On the way, you learn what a share of stock is, how a stock market works and how people make money trading shares. That's at least a couple of social studies lessons slipped into the fun, not to mention the math skills involved in reading a graph.

The game is available at software stores for IBM and compatibles, Amiga and the Commodore 64. IBM and Amiga suggested retail is $44.95; Commodore 64 suggested retail is $29.95. IBM minimum system requirements are a color monitor and 512,000 characters of memory. A joy stick and two drives (or a hard drive) are recommended.

Even if you buy at discount, software can take a big bite out of the budget. That's why it's nice to see a New York company, Hi Tech Expressions, consistently bring out good software at exceptionally reasonable prices. Much of it is educational, and most of it is in the $14.95 price range for IBM PCs and compatibles, Apple and Commodore computers.
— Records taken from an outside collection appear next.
(* For $\alpha\in\mathbb{C}$ and integers $m\geq1$, $r\geq1$, \[ \int_{[0,1]^r}\big[1-(1-\alpha)x_1\cdots x_r\big]^{m-1}dx_1\cdots dx_r=\sum_{m\geq m_1\geq\cdots\geq m_r\geq1}\frac{\alpha^{m_r-1}}{m\,m_1\cdots m_{r-1}}. \]
   Context: For $r=1$ the denominator on the right is just $m$. *)

From Stdlib Require Import Reals List.
From Coquelicot Require Import Coquelicot.
Import ListNotations.

(* Iterated integral over the unit cube [0,1]^r of F : list R -> C,
   F [x1; ...; xr] ; innermost integration variable is the last one. *)
Fixpoint cube_int (r : nat) (F : list R -> C) : C :=
  match r with
  | O => F nil
  | S r' => RInt (V := C_R_CompleteNormedModule)
              (fun x => cube_int r' (fun xs => F (x :: xs))) 0 1
  end.

(* chains r b = all lists [m1; ...; mr] with b >= m1 >= ... >= mr >= 1 *)
Fixpoint chains (r b : nat) : list (list nat) :=
  match r with
  | O => [nil]
  | S r' => flat_map (fun k => map (cons k) (chains r' k)) (seq 1 b)
  end.

Definition chain_term (alpha : C) (m : nat) (l : list nat) : C :=
  (Cpow alpha (last l 1%nat - 1) /
   RtoC (INR m * fold_right Rmult 1 (map INR (removelast l))))%C.

Definition chain_sum (alpha : C) (m r : nat) : C :=
  fold_right Cplus (RtoC 0) (map (chain_term alpha m) (chains r m)).

(* Write b = 1 - alpha.  In one variable,
     int_0^1 (1 - c t)^(k-1) dt = (1/k) sum_(j=1..k) (1 - c)^(j-1),
   because integrating the derivative of t (1 - c t)^(n+1) gives
   (n+2) I_(n+1) - (n+1) I_n = (1 - c)^(n+1) for I_n = int_0^1 (1 - c t)^n dt.
   So integrating out one variable turns a sequence of powers j |-> (1 - b y)^(j-1)
   into its Cesaro mean, and by linearity the same holds for Cesaro means of such
   sequences.  After the r integrations over [0,1]^r at y = 1, one is left with the
   r-fold iterated Cesaro mean of j |-> alpha^(j-1), whose expansion is the sum
   over chains m >= m_1 >= ... >= m_r >= 1. *)

From Stdlib Require Import Reals List Lia.
From Coquelicot Require Import Coquelicot.
Import ListNotations.

(* Complex derivatives live in C as a normed module over itself; integrals of
   C-valued functions of a real variable live in C as a real normed space. *)
Local Notation is_derive_C := (@is_derive C_AbsRing (AbsRing_NormedModule C_AbsRing)).
Local Notation ex_derive_C := (@ex_derive C_AbsRing (AbsRing_NormedModule C_AbsRing)).
Local Notation is_RInt_C := (@is_RInt C_R_CompleteNormedModule).

Local Open Scope C_scope.

Lemma is_derive_C_eq (f : C -> C) (z l l' : C) :
  is_derive_C f z l -> l = l' -> is_derive_C f z l'.
Proof. now intros H <-. Qed.

Lemma is_derive_C_const (a z : C) : is_derive_C (fun _ => a) z (RtoC 0).
Proof. exact (is_derive_const (V:=AbsRing_NormedModule C_AbsRing) a z). Qed.

Lemma is_derive_C_Cmult (f g : C -> C) (z df dg : C) :
  is_derive_C f z df -> is_derive_C g z dg ->
  is_derive_C (fun z => f z * g z) z (df * g z + f z * dg).
Proof. intros Hf Hg; exact (is_derive_mult f g z df dg Hf Hg Cmult_comm). Qed.

Lemma ex_derive_C_const (a z : C) : ex_derive_C (fun _ => a) z.
Proof. exists (RtoC 0). apply is_derive_C_const. Qed.

Lemma ex_derive_C_Cmult (f g : C -> C) (z : C) :
  ex_derive_C f z -> ex_derive_C g z -> ex_derive_C (fun z => f z * g z) z.
Proof. intros [df Hf] [dg Hg]. eexists. exact (is_derive_C_Cmult f g z df dg Hf Hg). Qed.

Lemma ex_derive_C_Cminus (f g : C -> C) (z : C) :
  ex_derive_C f z -> ex_derive_C g z -> ex_derive_C (fun z => f z - g z) z.
Proof.
  intros [df Hf] [dg Hg]. eexists.
  exact (is_derive_minus (V:=AbsRing_NormedModule C_AbsRing) f g z df dg Hf Hg).
Qed.

Lemma is_derive_C_affine (a c z : C) : is_derive_C (fun z => a - c * z) z (- c).
Proof.
  assert (H := is_derive_minus _ _ z _ _ (is_derive_C_const a z)
    (is_derive_C_Cmult (fun _ => c) (fun z => z) z _ _ (is_derive_C_const c z) (is_derive_id z))).
  apply (is_derive_C_eq _ _ _ _ H). unfold minus, plus, opp, one; simpl. ring.
Qed.

Lemma is_derive_C_Cpow (f : C -> C) (z df : C) (n : nat) :
  is_derive_C f z df ->
  is_derive_C (fun z => Cpow (f z) (S n)) z (INR (S n) * Cpow (f z) n * df).
Proof.
  intros Hf. induction n as [|n IH].
  - apply (is_derive_ext (V:=AbsRing_NormedModule C_AbsRing) f); [intros; simpl; ring|].
    apply (is_derive_C_eq _ _ _ _ Hf). simpl; ring.
  - apply (is_derive_C_eq _ _ _ _ (is_derive_C_Cmult _ _ z _ _ Hf IH)).
    rewrite (S_INR (S n)), RtoC_plus, (Cpow_S (f z) n). ring.
Qed.

Lemma ex_derive_C_Cpow (f : C -> C) (z : C) (n : nat) :
  ex_derive_C f z -> ex_derive_C (fun z => Cpow (f z) n) z.
Proof.
  intros [df Hf]. destruct n as [|n].
  - exists (RtoC 0). exact (is_derive_C_const 1 z).
  - eexists. exact (is_derive_C_Cpow f z df n Hf).
Qed.

Lemma ex_derive_C_Cpow_affine (c : C) (n : nat) (z : C) :
  ex_derive_C (fun z => Cpow (1 - c * z) n) z.
Proof. apply (ex_derive_C_Cpow (fun z => 1 - c * z)). exists (- c). apply is_derive_C_affine. Qed.

Lemma is_derive_C_mul_Cpow_affine (c : C) (n : nat) (z : C) :
  is_derive_C (fun z => z * Cpow (1 - c * z) (S n)) z
    (INR (S (S n)) * Cpow (1 - c * z) (S n) - INR (S n) * Cpow (1 - c * z) n).
Proof.
  apply (is_derive_C_eq _ _ _ _ (is_derive_C_Cmult (fun z => z) (fun z => Cpow (1 - c * z) (S n))
    z _ _ (is_derive_id z) (is_derive_C_Cpow (fun z => 1 - c * z) z _ n (is_derive_C_affine 1 c z)))).
  rewrite (S_INR (S n)), RtoC_plus, (Cpow_S _ n). change (@one C_AbsRing) with (RtoC 1). ring.
Qed.

Lemma is_derive_C_restrict (f : C -> C) (x : R) (l : C) :
  is_derive_C f (RtoC x) l ->
  is_derive (K:=R_AbsRing) (V:=C_R_NormedModule) (fun t => f (RtoC t)) x l.
Proof.
  intros [_ Hf]. split; [apply is_linear_scal_l|].
  intros x0 Hx0.
  apply (is_filter_lim_locally_unique (K:=R_AbsRing) (V:=R_NormedModule)) in Hx0; subst x0.
  intros eps.
  destruct (Hf (RtoC x) (fun P HP => HP) eps) as [d Hd].
  exists d; intros t Ht.
  assert (Hb : ball (M:=AbsRing_UniformSpace C_AbsRing) (RtoC x) d (RtoC t)).
  { change (Cmod (RtoC t - RtoC x) < d). rewrite <- RtoC_minus, Cmod_R. exact Ht. }
  specialize (Hd _ Hb).
  change (Cmod (f (RtoC t) - f (RtoC x) - (RtoC t - RtoC x) * l)
            <= eps * Cmod (RtoC t - RtoC x))%R in Hd.
  rewrite <- RtoC_minus, Cmod_R in Hd.
  rewrite <- Cmod_norm, scal_R_Cmult. exact Hd.
Qed.

Lemma is_RInt_C_eq (f : R -> C) (a b : R) (I J : C) :
  is_RInt_C f a b I -> I = J -> is_RInt_C f a b J.
Proof. now intros H <-. Qed.

Lemma is_RInt_C_ext (f g : R -> C) (a b : R) (I : C) :
  (forall t, f t = g t) -> is_RInt_C f a b I -> is_RInt_C g a b I.
Proof. intros Hfg. apply is_RInt_ext. intros t _. apply Hfg. Qed.

Lemma is_RInt_C_plus (f g : R -> C) (a b : R) (I J : C) :
  is_RInt_C f a b I -> is_RInt_C g a b J -> is_RInt_C (fun t => f t + g t) a b (I + J).
Proof. exact (is_RInt_plus f g a b I J). Qed.

Lemma is_RInt_C_scal (x : R) (f : R -> C) (a b : R) (I : C) :
  is_RInt_C f a b I -> is_RInt_C (fun t => RtoC x * f t) a b (RtoC x * I).
Proof.
  intros H. rewrite <- scal_R_Cmult.
  apply (is_RInt_ext (fun t => scal x (f t))); [intros t _; apply scal_R_Cmult|].
  exact (is_RInt_scal f a b x I H).
Qed.

Lemma is_RInt_C_derive (F dF : C -> C) (a b : R) :
  (forall z, is_derive_C F z (dF z)) -> (forall z, ex_derive_C dF z) ->
  is_RInt_C (fun t => dF (RtoC t)) a b (F (RtoC b) - F (RtoC a)).
Proof.
  intros HF HdF. apply (is_RInt_derive (V:=C_R_CompleteNormedModule) (fun t => F (RtoC t))).
  - intros x _. apply is_derive_C_restrict, HF.
  - intros x _. apply (ex_derive_continuous (K:=R_AbsRing) (V:=C_R_NormedModule)).
    destruct (HdF (RtoC x)) as [l Hl]. exists l. apply is_derive_C_restrict, Hl.
Qed.

Definition Csum (l : list C) : C := fold_right Cplus 0 l.

Lemma Csum_app (l1 l2 : list C) : Csum (l1 ++ l2) = Csum l1 + Csum l2.
Proof.
  induction l1 as [|a l1 IH]; simpl; [ring|].
  unfold Csum in *; simpl. rewrite IH. ring.
Qed.

Lemma Csum_flat_map {A B : Type} (g : B -> C) (h : A -> list B) (l : list A) :
  Csum (map g (flat_map h l)) = Csum (map (fun a => Csum (map g (h a))) l).
Proof.
  induction l as [|a l IH]; simpl; [reflexivity|].
  rewrite map_app, Csum_app, IH. reflexivity.
Qed.

Lemma Cmult_Csum_l {A : Type} (c : C) (g : A -> C) (l : list A) :
  c * Csum (map g l) = Csum (map (fun a => c * g a) l).
Proof.
  induction l as [|a l IH]; simpl; [unfold Csum; simpl; ring|].
  unfold Csum in *; simpl. rewrite <- IH. ring.
Qed.

Lemma Csum_map_seq_S (u : nat -> C) (a n : nat) :
  Csum (map u (seq a (S n))) = Csum (map u (seq a n)) + u (a + n)%nat.
Proof. rewrite seq_S, map_app, Csum_app. simpl. ring. Qed.

(* Also at [x = 0], where both sides are the junk value [0]. *)
Lemma Cinv_RtoC (x : R) : / RtoC x = RtoC (/ x).
Proof.
  unfold Cinv, RtoC; simpl. f_equal.
  - destruct (Req_dec x 0) as [->|Hx].
    + rewrite Rinv_0. unfold Rdiv. ring.
    + field. exact Hx.
  - unfold Rdiv. ring.
Qed.

Lemma RtoC_Rinv_cancel (x : R) (z : C) : x <> 0%R -> RtoC (/ x) * (RtoC x * z) = z.
Proof. intros Hx. rewrite Cmult_assoc, <- RtoC_mult, Rinv_l by exact Hx. ring. Qed.

Definition cesaro_mean (u : nat -> C) (k : nat) : C :=
  RtoC (/ INR k) * Csum (map u (seq 1 k)).

Lemma INR_mul_cesaro_mean (u : nat -> C) (k : nat) :
  RtoC (INR k) * cesaro_mean u k = Csum (map u (seq 1 k)).
Proof.
  unfold cesaro_mean. destruct k as [|k]; [simpl; ring|].
  rewrite Cmult_assoc, <- RtoC_mult, Rinv_r by (apply not_0_INR; lia). ring.
Qed.

Lemma cesaro_mean_ext (u v : nat -> C) (k : nat) :
  (forall j, u j = v j) -> cesaro_mean u k = cesaro_mean v k.
Proof. intros Huv. unfold cesaro_mean. f_equal. f_equal. apply map_ext, Huv. Qed.

Lemma is_RInt_Cpow_affine_recurrence (c : C) (n : nat) :
  is_RInt_C
    (fun t => INR (S (S n)) * Cpow (1 - c * RtoC t) (S n) - INR (S n) * Cpow (1 - c * RtoC t) n)
    0 1 (Cpow (1 - c) (S n)).
Proof.
  eapply is_RInt_C_eq.
  - apply (is_RInt_C_derive (fun z => z * Cpow (1 - c * z) (S n))
      (fun z => INR (S (S n)) * Cpow (1 - c * z) (S n) - INR (S n) * Cpow (1 - c * z) n)).
    + apply is_derive_C_mul_Cpow_affine.
    + intros z. apply ex_derive_C_Cminus;
        (apply ex_derive_C_Cmult; [apply ex_derive_C_const | apply ex_derive_C_Cpow_affine]).
  - rewrite Cmult_1_r. ring.
Qed.

Lemma is_RInt_Cpow_affine (c : C) (n : nat) :
  is_RInt_C (fun t => Cpow (1 - c * RtoC t) n) 0 1
    (cesaro_mean (fun j => Cpow (1 - c) (j - 1)) (S n)).
Proof.
  induction n as [|n IH].
  - apply (is_RInt_C_eq _ _ _ _ _ (is_RInt_const (V:=C_R_NormedModule) 0 1 (RtoC 1))).
    rewrite scal_R_Cmult. unfold cesaro_mean. simpl. rewrite Rinv_1, Rminus_0_r. ring.
  - pose proof (is_RInt_C_scal (/ INR (S (S n))) _ _ _ _
      (is_RInt_C_plus _ _ _ _ _ _ (is_RInt_Cpow_affine_recurrence c n)
        (is_RInt_C_scal (INR (S n)) _ _ _ _ IH))) as H.
    eapply is_RInt_C_eq; [eapply is_RInt_C_ext; [|exact H] |].
    + intros t. cbv beta.
      transitivity (RtoC (/ INR (S (S n))) * (RtoC (INR (S (S n))) * Cpow (1 - c * RtoC t) (S n))).
      * ring.
      * apply RtoC_Rinv_cancel, not_0_INR; lia.
    + rewrite INR_mul_cesaro_mean. unfold cesaro_mean. rewrite (Csum_map_seq_S _ 1 (S n)).
      replace (1 + S n - 1)%nat with (S n) by lia. ring.
Qed.

Lemma is_RInt_C_Csum {A : Type} (g : A -> R -> C) (v : A -> C) (l : list A) (a b : R) :
  (forall j, In j l -> is_RInt_C (g j) a b (v j)) ->
  is_RInt_C (fun t => Csum (map (fun j => g j t) l)) a b (Csum (map v l)).
Proof.
  induction l as [|j l IH]; intros Hl.
  - apply (is_RInt_C_eq _ _ _ _ _ (is_RInt_const (V:=C_R_NormedModule) a b (RtoC 0))).
    rewrite scal_R_Cmult. simpl. ring.
  - apply is_RInt_C_plus; [apply Hl; left; reflexivity|].
    apply IH. intros i Hi. apply Hl. right; exact Hi.
Qed.

Lemma is_RInt_C_cesaro_mean (g : nat -> R -> C) (v : nat -> C) (k : nat) (a b : R) :
  (forall j, (1 <= j <= k)%nat -> is_RInt_C (g j) a b (v j)) ->
  is_RInt_C (fun t => cesaro_mean (fun j => g j t) k) a b (cesaro_mean v k).
Proof.
  intros Hg. apply is_RInt_C_scal, is_RInt_C_Csum.
  intros j Hj. apply in_seq in Hj. apply Hg. lia.
Qed.

(* [cesaro_pow b r k y] is the closed form of int_[0,1]^r (1 - b y x_1 ... x_r)^(k-1) dx. *)
Fixpoint cesaro_pow (b : C) (r k : nat) (y : R) : C :=
  match r with
  | O => Cpow (1 - b * RtoC y) (k - 1)
  | S r' => cesaro_mean (fun j => cesaro_pow b r' j y) k
  end.

Lemma is_RInt_cesaro_pow (b : C) (r k : nat) (y : R) : (1 <= k)%nat ->
  is_RInt_C (fun x => cesaro_pow b r k (y * x)) 0 1 (cesaro_pow b (S r) k y).
Proof.
  revert k. induction r as [|r IH]; intros k Hk.
  - destruct k as [|n]; [lia|].
    apply (is_RInt_C_ext (fun t => Cpow (1 - b * RtoC y * RtoC t) n)).
    + intros t. simpl cesaro_pow. rewrite Nat.sub_0_r, RtoC_mult, Cmult_assoc. reflexivity.
    + exact (is_RInt_Cpow_affine (b * RtoC y) n).
  - apply is_RInt_C_cesaro_mean. intros j Hj. apply IH. lia.
Qed.

Lemma cube_int_ext (r : nat) (F G : list R -> C) :
  (forall xs, F xs = G xs) -> cube_int r F = cube_int r G.
Proof.
  revert F G. induction r as [|r IH]; intros F G HFG; simpl.
  - apply HFG.
  - apply (RInt_ext (V:=C_R_CompleteNormedModule)). intros x _. apply IH. intros xs. apply HFG.
Qed.

Lemma cube_int_cesaro_pow (b : C) (r k : nat) (y : R) : (1 <= k)%nat ->
  cube_int r (fun xs => cesaro_pow b 0 k (y * fold_right Rmult 1 xs)) = cesaro_pow b r k y.
Proof.
  intros Hk. revert y. induction r as [|r IH]; intros y.
  - simpl. rewrite Rmult_1_r. reflexivity.
  - simpl cube_int.
    rewrite (RInt_ext (V:=C_R_CompleteNormedModule) _ (fun x => cesaro_pow b r k (y * x))).
    + apply (is_RInt_unique (V:=C_R_CompleteNormedModule)), is_RInt_cesaro_pow, Hk.
    + intros x _. rewrite <- IH. apply cube_int_ext. intros xs. simpl. rewrite Rmult_assoc. reflexivity.
Qed.

Lemma chain_term_single (alpha : C) (m j : nat) :
  chain_term alpha m [j] = RtoC (/ INR m) * Cpow alpha (j - 1).
Proof. unfold chain_term, Cdiv. simpl. rewrite Rmult_1_r, Cinv_RtoC. ring. Qed.

Lemma chain_term_cons (alpha : C) (m j : nat) (c : list nat) : c <> [] ->
  chain_term alpha m (j :: c) = RtoC (/ INR m) * chain_term alpha j c.
Proof.
  destruct c as [|i c]; [congruence|]. intros _.
  unfold chain_term, Cdiv. simpl. rewrite !Cinv_RtoC, !Rinv_mult, !RtoC_mult. ring.
Qed.

Lemma chains_S_not_nil (r b : nat) (c : list nat) : In c (chains (S r) b) -> c <> [].
Proof.
  simpl. intros Hc. apply in_flat_map in Hc as [j [_ Hj]].
  apply in_map_iff in Hj as [c' [<- _]]. discriminate.
Qed.

Lemma chain_sum_S (alpha : C) (m r : nat) :
  chain_sum alpha m (S r) =
  Csum (map (fun j => Csum (map (fun c => chain_term alpha m (j :: c)) (chains r j))) (seq 1 m)).
Proof.
  unfold chain_sum. change (fold_right Cplus 0) with Csum. simpl chains.
  rewrite Csum_flat_map. f_equal. apply map_ext. intros j. rewrite map_map. reflexivity.
Qed.

Lemma chain_sum_1 (alpha : C) (m : nat) :
  chain_sum alpha m 1 = cesaro_mean (fun j => Cpow alpha (j - 1)) m.
Proof.
  rewrite chain_sum_S. unfold cesaro_mean. rewrite Cmult_Csum_l. f_equal.
  apply map_ext. intros j. simpl. rewrite chain_term_single. unfold Csum; simpl. ring.
Qed.

Lemma chain_sum_SS (alpha : C) (m r : nat) :
  chain_sum alpha m (S (S r)) = cesaro_mean (fun j => chain_sum alpha j (S r)) m.
Proof.
  rewrite chain_sum_S. unfold cesaro_mean. rewrite Cmult_Csum_l. f_equal.
  apply map_ext. intros j. unfold chain_sum. change (fold_right Cplus 0) with Csum.
  rewrite Cmult_Csum_l. f_equal. apply map_ext_in. intros c Hc.
  apply chain_term_cons, (chains_S_not_nil r j), Hc.
Qed.

Lemma cesaro_pow_chain_sum (alpha : C) (r m : nat) :
  cesaro_pow (1 - alpha) (S r) m 1 = chain_sum alpha m (S r).
Proof.
  revert m. induction r as [|r IH]; intros m.
  - rewrite chain_sum_1. apply cesaro_mean_ext. intros j. simpl. f_equal. ring.
  - rewrite chain_sum_SS. apply cesaro_mean_ext. exact IH.
Qed.

Local Close Scope C_scope.

Theorem lemma2p1 (alpha : C) (m r : nat) (hm : (1 <= m)%nat) (hr : (1 <= r)%nat) :
  cube_int r (fun xs => Cpow (RtoC 1 - (RtoC 1 - alpha) * RtoC (fold_right Rmult 1 xs))%C (m - 1))
  = chain_sum alpha m r.
Proof.
  destruct r as [|r]; [lia|].
  rewrite <- cesaro_pow_chain_sum, <- (cube_int_cesaro_pow _ (S r) m 1 hm).
  apply cube_int_ext. intros xs. cbn [cesaro_pow]. rewrite Rmult_1_l. reflexivity.
Qed.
The Second Kids World Almanac Adventure: Dr. Data's Revenge is new this year. The premise is that a computer bug is changing the data in the world's data bank--and you can help change it back if you can spot fact from fiction in questions based on information in the almanac. It's fun and has a much better chance of passing along facts than telling a kid to go read a printed almanac.

Hi Tech has several fact-based games in its line, including Win, Lose or Draw, Trump Card Show and MTV's Remote Control, plus those based on educational television's "Sesame Street" characters and "Electric Company." Prices are $9.95 to $14.95.

All the software runs on IBM or compatibles, and most of it runs on Apple or Commodore.